▸ **What to produce**: For the records below, print the lines from the line with "i < n + n) F i" through the line with "n + n + 1) F i" exactly as written; include both end lines and exclude the rest.

▸ **Provided data**:
------------------------------------------------------------

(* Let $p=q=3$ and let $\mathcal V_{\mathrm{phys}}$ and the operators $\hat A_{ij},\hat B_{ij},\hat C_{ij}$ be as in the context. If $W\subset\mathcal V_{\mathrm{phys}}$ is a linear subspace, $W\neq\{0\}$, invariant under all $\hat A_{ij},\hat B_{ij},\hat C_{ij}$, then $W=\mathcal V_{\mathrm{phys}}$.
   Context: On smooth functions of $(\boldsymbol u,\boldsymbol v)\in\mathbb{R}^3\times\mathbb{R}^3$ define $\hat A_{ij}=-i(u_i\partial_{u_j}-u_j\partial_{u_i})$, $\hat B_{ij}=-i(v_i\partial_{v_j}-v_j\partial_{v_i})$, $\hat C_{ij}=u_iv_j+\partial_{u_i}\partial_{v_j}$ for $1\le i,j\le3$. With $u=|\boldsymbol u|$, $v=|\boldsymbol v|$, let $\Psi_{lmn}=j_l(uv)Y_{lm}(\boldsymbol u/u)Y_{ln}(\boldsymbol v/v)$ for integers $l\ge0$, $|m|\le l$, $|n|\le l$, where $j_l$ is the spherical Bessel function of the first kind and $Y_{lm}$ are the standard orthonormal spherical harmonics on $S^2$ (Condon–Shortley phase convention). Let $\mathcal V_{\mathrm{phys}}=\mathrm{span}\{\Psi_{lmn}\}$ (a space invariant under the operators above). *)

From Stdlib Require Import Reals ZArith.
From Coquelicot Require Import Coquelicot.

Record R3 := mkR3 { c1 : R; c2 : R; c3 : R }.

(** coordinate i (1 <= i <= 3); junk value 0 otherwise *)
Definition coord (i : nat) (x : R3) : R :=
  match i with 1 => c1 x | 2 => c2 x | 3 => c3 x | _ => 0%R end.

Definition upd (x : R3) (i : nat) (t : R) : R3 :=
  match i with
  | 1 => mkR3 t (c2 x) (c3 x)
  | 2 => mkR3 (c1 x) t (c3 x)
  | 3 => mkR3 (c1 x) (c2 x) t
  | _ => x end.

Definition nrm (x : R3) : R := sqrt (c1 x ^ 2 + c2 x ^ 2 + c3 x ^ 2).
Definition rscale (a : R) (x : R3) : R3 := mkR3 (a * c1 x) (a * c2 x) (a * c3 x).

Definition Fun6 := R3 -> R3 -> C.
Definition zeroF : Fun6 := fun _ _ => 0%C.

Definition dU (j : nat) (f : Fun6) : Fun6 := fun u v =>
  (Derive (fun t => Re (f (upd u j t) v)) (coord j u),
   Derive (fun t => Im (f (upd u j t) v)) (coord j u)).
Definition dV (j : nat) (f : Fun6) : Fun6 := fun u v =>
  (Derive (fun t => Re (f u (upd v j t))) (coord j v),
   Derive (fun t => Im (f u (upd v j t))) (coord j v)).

------------------------------------------------------------

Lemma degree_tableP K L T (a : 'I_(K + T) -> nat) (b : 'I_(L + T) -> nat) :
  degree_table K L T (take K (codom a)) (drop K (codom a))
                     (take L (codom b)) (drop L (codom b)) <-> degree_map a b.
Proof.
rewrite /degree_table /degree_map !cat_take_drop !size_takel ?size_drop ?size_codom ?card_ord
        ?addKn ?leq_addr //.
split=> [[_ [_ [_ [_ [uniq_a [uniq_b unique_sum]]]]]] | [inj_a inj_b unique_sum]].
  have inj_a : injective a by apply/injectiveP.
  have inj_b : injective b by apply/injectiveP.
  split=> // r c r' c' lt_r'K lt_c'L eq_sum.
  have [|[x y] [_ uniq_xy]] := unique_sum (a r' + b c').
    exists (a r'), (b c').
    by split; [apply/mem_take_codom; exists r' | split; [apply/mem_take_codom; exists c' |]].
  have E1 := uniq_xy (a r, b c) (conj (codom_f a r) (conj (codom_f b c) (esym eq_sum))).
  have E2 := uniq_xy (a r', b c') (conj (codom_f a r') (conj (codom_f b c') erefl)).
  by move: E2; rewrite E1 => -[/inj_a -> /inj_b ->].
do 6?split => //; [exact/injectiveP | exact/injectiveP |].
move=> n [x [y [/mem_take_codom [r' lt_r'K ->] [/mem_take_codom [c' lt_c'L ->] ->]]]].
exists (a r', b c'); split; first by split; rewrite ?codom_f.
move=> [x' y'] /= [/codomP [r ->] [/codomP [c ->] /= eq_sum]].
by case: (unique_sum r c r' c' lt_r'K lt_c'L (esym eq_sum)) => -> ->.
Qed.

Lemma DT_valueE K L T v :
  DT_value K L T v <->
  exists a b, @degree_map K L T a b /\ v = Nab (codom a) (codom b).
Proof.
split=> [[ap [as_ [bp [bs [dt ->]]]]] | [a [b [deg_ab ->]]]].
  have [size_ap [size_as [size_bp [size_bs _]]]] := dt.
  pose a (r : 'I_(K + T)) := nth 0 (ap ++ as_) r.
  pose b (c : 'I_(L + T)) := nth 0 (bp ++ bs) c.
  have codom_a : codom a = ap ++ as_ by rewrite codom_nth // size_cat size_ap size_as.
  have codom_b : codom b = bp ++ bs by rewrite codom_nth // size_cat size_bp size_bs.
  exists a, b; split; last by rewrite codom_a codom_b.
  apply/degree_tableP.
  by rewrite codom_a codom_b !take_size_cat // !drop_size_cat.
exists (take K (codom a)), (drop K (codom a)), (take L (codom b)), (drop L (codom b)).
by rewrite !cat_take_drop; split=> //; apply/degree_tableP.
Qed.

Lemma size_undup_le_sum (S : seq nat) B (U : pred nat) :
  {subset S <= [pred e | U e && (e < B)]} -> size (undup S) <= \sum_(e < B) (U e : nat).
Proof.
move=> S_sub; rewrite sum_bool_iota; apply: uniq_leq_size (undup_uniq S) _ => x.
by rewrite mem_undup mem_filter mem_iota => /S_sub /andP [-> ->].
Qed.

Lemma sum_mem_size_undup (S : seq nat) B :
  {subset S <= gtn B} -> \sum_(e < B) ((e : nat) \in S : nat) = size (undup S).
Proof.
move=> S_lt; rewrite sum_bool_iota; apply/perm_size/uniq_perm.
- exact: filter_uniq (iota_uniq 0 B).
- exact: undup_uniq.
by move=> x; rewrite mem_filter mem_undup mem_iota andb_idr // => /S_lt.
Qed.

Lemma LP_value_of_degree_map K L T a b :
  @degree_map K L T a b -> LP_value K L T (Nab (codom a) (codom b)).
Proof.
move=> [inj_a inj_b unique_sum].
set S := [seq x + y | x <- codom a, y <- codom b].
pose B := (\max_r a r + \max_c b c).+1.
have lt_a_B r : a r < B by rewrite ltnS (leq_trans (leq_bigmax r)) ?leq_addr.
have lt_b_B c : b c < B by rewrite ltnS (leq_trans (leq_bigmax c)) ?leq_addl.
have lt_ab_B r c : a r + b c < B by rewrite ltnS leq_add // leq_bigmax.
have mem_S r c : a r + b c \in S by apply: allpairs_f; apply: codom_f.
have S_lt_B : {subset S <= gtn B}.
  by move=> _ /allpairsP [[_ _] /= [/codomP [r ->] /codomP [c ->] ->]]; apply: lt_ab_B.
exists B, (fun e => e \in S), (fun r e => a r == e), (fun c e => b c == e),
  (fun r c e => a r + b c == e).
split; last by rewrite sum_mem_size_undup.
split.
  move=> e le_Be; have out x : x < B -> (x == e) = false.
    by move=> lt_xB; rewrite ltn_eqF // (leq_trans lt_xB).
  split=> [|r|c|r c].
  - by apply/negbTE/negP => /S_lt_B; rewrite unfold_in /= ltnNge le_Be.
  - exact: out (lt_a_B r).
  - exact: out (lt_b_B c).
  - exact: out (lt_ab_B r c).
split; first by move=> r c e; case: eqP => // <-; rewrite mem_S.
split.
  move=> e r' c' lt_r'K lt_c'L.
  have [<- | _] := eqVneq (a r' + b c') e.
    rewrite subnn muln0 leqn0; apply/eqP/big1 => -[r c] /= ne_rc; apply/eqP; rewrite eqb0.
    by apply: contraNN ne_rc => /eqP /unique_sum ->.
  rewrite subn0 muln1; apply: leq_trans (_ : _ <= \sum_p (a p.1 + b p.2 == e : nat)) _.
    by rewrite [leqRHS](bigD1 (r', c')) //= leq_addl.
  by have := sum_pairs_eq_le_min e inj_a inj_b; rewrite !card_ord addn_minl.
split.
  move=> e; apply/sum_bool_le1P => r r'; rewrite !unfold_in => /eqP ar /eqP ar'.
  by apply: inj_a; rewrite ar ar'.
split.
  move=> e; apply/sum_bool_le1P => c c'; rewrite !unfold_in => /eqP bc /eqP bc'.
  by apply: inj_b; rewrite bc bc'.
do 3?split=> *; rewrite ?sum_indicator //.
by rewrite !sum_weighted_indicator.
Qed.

------------------------------------------------------------

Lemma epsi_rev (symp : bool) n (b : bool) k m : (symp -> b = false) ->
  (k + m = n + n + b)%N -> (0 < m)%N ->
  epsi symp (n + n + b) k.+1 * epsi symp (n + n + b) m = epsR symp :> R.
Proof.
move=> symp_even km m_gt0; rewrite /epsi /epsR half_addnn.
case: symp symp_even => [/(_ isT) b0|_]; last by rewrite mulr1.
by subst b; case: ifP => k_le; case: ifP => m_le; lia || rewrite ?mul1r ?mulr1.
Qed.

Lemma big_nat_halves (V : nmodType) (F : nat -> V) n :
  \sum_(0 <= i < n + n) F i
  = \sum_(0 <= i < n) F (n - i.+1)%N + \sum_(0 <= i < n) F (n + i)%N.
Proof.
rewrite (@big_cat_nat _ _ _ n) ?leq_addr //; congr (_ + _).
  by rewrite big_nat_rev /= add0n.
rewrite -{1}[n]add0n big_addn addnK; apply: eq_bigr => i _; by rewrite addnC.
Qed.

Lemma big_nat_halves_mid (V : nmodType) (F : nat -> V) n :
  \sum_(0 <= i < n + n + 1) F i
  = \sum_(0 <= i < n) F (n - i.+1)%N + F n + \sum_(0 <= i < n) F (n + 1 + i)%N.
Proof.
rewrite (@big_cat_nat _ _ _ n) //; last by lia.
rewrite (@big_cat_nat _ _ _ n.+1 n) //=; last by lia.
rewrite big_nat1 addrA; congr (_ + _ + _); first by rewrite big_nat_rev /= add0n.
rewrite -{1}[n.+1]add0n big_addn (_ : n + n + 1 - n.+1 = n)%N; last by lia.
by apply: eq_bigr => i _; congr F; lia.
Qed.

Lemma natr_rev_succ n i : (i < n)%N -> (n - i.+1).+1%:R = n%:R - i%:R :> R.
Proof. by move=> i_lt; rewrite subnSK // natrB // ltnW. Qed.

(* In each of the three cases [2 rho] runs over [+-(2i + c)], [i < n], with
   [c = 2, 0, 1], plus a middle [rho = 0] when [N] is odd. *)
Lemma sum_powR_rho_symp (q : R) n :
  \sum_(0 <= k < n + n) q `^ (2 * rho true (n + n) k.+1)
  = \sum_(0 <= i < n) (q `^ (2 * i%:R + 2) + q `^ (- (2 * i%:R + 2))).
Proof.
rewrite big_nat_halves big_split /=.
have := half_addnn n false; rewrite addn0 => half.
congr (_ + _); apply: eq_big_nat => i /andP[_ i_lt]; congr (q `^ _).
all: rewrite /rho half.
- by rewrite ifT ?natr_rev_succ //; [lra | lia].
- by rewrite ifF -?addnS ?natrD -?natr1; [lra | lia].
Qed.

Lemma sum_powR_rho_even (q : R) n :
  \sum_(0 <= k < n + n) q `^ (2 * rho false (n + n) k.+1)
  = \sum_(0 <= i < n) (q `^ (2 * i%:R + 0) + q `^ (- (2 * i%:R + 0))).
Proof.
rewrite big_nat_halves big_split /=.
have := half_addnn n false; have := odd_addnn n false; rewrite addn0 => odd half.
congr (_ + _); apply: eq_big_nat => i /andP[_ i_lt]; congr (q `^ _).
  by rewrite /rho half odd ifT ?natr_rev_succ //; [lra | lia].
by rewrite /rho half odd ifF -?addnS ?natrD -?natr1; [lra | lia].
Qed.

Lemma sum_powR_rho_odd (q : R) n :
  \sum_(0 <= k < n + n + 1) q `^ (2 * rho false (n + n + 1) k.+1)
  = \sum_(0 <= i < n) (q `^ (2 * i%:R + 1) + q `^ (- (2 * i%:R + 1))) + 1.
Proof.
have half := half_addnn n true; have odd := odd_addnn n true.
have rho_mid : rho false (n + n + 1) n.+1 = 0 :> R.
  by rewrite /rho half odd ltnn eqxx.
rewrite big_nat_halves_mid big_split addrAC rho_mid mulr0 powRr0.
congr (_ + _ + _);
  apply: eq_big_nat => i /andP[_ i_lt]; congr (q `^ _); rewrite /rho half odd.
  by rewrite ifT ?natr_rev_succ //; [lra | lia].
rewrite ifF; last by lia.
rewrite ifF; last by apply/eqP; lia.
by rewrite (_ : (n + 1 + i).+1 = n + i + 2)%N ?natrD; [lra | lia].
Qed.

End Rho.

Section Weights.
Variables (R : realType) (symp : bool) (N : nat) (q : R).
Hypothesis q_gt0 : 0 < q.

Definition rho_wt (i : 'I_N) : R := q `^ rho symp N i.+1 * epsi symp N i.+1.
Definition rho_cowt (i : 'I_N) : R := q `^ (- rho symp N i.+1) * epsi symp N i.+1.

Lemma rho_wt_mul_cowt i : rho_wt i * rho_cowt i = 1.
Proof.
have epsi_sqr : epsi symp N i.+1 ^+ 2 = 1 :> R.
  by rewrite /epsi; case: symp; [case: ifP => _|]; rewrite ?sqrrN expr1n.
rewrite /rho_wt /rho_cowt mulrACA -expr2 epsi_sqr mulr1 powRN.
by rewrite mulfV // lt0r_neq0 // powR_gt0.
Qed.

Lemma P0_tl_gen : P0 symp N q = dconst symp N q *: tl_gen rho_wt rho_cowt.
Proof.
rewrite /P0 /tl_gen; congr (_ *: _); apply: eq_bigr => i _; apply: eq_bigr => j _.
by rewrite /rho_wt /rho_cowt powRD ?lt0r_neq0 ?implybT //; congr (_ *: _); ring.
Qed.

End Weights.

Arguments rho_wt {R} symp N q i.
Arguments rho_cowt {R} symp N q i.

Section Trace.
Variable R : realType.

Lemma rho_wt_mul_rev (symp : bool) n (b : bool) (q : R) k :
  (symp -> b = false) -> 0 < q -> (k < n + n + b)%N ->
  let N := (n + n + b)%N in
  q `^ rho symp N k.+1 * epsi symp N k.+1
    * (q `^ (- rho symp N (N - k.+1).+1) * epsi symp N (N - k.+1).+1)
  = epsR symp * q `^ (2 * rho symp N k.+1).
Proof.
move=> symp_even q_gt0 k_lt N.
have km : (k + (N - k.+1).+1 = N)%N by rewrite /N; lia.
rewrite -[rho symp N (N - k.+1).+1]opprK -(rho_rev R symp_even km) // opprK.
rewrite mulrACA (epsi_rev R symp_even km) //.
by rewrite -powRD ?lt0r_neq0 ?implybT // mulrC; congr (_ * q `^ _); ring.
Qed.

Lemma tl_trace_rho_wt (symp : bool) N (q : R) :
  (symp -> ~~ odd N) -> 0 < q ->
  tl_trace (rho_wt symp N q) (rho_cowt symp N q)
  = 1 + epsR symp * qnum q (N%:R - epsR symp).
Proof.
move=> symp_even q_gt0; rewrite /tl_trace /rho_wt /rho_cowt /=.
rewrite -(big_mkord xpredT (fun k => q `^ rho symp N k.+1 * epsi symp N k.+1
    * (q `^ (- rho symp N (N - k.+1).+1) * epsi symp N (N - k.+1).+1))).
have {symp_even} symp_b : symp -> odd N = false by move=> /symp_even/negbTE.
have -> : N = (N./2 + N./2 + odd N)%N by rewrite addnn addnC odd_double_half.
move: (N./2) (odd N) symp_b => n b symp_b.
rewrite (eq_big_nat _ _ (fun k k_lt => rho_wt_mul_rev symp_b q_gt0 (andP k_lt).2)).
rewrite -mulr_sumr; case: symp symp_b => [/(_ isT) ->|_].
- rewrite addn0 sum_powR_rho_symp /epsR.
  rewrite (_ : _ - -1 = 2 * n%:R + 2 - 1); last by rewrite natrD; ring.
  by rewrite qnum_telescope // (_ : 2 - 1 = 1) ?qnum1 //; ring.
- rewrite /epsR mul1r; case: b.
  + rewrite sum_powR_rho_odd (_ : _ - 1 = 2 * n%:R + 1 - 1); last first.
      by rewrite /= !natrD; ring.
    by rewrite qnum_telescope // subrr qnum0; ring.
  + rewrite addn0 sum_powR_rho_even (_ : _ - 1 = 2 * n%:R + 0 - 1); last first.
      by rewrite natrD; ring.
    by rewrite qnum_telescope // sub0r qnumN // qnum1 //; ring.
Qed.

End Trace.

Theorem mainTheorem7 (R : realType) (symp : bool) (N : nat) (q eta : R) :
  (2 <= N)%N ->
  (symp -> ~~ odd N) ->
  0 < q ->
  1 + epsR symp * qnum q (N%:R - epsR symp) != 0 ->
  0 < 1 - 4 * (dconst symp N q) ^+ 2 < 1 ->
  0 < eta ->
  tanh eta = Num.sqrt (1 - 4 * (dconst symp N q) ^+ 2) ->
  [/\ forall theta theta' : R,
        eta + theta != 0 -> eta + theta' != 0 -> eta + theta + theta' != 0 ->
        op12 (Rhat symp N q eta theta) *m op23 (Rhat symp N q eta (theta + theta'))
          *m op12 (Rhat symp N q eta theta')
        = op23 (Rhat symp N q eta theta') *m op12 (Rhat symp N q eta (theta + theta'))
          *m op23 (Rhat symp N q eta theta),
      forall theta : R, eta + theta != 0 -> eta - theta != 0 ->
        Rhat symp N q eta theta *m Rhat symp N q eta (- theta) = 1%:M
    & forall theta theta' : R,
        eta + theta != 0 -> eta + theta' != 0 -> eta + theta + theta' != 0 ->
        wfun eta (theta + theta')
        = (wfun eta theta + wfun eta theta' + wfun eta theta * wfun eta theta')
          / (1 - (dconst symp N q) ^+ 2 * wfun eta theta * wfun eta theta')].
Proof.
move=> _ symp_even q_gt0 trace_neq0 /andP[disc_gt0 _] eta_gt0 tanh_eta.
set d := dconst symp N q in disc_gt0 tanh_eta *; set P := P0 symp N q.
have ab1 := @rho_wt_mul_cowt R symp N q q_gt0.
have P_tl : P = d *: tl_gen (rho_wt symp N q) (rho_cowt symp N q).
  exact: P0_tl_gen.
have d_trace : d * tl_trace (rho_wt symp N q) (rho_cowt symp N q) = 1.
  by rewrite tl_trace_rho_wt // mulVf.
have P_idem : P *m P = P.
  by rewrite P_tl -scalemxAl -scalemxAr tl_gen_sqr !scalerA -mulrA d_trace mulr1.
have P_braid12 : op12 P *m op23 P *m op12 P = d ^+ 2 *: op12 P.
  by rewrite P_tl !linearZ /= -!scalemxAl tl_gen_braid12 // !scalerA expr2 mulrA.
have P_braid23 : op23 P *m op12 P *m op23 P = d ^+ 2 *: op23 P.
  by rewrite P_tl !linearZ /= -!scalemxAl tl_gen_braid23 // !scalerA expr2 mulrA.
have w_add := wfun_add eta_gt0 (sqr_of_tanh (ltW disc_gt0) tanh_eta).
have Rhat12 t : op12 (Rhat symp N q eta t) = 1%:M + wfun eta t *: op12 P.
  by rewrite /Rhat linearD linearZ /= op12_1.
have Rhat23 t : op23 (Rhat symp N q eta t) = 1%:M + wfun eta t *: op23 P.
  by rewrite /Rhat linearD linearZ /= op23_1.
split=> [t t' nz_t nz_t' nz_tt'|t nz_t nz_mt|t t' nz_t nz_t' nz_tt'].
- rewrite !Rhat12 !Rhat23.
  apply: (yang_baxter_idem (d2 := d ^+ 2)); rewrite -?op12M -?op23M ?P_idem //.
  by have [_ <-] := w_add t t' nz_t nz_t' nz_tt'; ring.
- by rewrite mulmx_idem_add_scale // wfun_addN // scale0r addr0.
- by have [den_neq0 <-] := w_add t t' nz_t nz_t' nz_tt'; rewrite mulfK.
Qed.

------------------------------------------------------------

▸ **Result for this task**:
  \sum_(0 <= i < n + n) F i
  = \sum_(0 <= i < n) F (n - i.+1)%N + \sum_(0 <= i < n) F (n + i)%N.
Proof.
rewrite (@big_cat_nat _ _ _ n) ?leq_addr //; congr (_ + _).
  by rewrite big_nat_rev /= add0n.
rewrite -{1}[n]add0n big_addn addnK; apply: eq_bigr => i _; by rewrite addnC.
Qed.

Lemma big_nat_halves_mid (V : nmodType) (F : nat -> V) n :
  \sum_(0 <= i < n + n + 1) F i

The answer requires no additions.